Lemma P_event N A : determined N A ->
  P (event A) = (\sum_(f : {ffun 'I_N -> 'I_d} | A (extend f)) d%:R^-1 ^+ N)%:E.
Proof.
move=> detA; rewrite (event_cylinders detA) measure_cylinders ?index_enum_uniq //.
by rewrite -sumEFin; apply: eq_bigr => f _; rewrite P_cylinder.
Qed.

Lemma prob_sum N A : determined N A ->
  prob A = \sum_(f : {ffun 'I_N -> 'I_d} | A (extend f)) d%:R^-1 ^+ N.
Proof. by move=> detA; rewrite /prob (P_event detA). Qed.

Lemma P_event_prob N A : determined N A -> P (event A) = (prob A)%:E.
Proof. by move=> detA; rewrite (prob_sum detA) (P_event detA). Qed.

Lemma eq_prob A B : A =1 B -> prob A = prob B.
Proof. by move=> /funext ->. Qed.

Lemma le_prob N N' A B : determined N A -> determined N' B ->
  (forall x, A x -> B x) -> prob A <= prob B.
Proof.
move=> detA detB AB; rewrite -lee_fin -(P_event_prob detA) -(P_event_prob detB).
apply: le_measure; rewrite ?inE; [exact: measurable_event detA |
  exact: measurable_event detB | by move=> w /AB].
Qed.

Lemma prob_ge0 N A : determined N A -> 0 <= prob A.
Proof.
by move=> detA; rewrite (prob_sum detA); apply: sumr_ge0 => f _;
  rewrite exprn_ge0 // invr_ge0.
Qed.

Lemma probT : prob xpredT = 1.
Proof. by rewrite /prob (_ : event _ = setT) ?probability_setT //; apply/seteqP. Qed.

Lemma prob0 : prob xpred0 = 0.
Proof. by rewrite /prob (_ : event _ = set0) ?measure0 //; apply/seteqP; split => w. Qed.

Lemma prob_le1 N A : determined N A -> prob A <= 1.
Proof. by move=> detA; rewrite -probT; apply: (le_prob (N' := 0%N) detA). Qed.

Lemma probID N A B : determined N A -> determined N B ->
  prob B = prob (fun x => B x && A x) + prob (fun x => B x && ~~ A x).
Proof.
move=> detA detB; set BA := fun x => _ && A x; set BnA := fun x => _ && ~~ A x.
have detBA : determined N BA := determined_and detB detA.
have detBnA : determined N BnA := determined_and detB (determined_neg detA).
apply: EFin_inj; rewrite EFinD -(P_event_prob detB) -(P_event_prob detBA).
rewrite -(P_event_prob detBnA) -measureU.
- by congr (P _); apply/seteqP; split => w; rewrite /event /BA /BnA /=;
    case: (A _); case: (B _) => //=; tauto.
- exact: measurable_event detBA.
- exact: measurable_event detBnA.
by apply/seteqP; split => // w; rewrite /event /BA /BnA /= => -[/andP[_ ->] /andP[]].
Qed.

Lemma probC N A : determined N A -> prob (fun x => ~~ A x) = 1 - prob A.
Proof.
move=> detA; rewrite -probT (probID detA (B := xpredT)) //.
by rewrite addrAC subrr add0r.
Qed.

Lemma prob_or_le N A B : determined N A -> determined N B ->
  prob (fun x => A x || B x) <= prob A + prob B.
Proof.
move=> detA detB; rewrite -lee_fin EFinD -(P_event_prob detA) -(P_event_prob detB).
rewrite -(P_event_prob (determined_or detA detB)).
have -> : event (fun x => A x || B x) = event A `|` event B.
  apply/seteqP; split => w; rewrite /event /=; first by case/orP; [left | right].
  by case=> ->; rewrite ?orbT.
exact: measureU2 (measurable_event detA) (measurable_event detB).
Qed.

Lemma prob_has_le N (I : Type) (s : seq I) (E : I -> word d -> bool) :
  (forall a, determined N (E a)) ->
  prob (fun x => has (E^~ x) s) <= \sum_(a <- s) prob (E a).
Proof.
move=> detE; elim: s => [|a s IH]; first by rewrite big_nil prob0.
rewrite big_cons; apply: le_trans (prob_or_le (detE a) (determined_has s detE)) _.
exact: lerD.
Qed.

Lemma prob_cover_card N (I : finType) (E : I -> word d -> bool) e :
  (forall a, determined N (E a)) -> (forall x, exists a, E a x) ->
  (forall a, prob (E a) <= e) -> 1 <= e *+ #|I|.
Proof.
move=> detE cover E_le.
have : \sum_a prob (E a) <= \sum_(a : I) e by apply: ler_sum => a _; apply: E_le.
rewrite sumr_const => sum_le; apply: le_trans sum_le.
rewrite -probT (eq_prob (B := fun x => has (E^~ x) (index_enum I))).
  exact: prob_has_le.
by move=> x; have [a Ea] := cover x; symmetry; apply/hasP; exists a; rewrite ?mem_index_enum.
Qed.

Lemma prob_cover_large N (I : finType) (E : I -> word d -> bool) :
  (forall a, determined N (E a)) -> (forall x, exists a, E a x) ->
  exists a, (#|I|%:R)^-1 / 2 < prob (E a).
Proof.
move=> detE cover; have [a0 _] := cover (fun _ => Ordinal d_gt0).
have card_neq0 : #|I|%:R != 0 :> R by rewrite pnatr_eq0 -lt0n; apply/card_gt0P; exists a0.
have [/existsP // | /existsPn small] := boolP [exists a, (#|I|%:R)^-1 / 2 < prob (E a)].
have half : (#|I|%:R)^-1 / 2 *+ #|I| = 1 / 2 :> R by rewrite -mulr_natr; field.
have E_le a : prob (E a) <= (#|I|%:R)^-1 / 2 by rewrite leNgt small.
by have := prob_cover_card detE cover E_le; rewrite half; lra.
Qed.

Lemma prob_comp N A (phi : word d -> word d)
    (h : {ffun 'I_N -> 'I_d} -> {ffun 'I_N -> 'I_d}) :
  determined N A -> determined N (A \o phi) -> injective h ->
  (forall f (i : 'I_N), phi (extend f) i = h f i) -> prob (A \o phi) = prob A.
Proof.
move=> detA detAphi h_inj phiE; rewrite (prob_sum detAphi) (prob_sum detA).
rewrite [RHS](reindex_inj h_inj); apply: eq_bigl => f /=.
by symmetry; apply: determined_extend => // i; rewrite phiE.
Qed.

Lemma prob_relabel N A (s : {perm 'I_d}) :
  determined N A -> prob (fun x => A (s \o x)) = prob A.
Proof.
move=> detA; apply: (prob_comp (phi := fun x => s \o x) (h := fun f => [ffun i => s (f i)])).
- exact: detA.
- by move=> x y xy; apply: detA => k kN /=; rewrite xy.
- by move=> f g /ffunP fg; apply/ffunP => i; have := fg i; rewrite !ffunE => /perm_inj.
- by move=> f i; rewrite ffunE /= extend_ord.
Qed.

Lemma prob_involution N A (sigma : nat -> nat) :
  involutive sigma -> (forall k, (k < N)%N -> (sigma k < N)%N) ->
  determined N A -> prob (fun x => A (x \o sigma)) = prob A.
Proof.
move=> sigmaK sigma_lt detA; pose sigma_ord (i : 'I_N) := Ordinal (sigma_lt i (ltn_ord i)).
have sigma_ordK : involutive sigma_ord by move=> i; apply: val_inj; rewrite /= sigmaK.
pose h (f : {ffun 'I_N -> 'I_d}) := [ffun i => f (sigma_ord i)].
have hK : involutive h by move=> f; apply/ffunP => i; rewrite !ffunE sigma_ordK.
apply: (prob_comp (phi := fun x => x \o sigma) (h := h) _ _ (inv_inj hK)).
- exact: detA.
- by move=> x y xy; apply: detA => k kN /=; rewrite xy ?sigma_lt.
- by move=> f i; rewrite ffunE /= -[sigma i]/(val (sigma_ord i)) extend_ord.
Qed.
━━━━━━━━
> **HOW TO COMPLETE THIS TASK**:
Every line above with the string "ffunE" in it should be copied into the answer.

> **RESPONSE AREA**:
- by move=> f g /ffunP fg; apply/ffunP => i; have := fg i; rewrite !ffunE => /perm_inj.
- by move=> f i; rewrite ffunE /= extend_ord.
have hK : involutive h by move=> f; apply/ffunP => i; rewrite !ffunE sigma_ordK.
- by move=> f i; rewrite ffunE /= -[sigma i]/(val (sigma_ord i)) extend_ord.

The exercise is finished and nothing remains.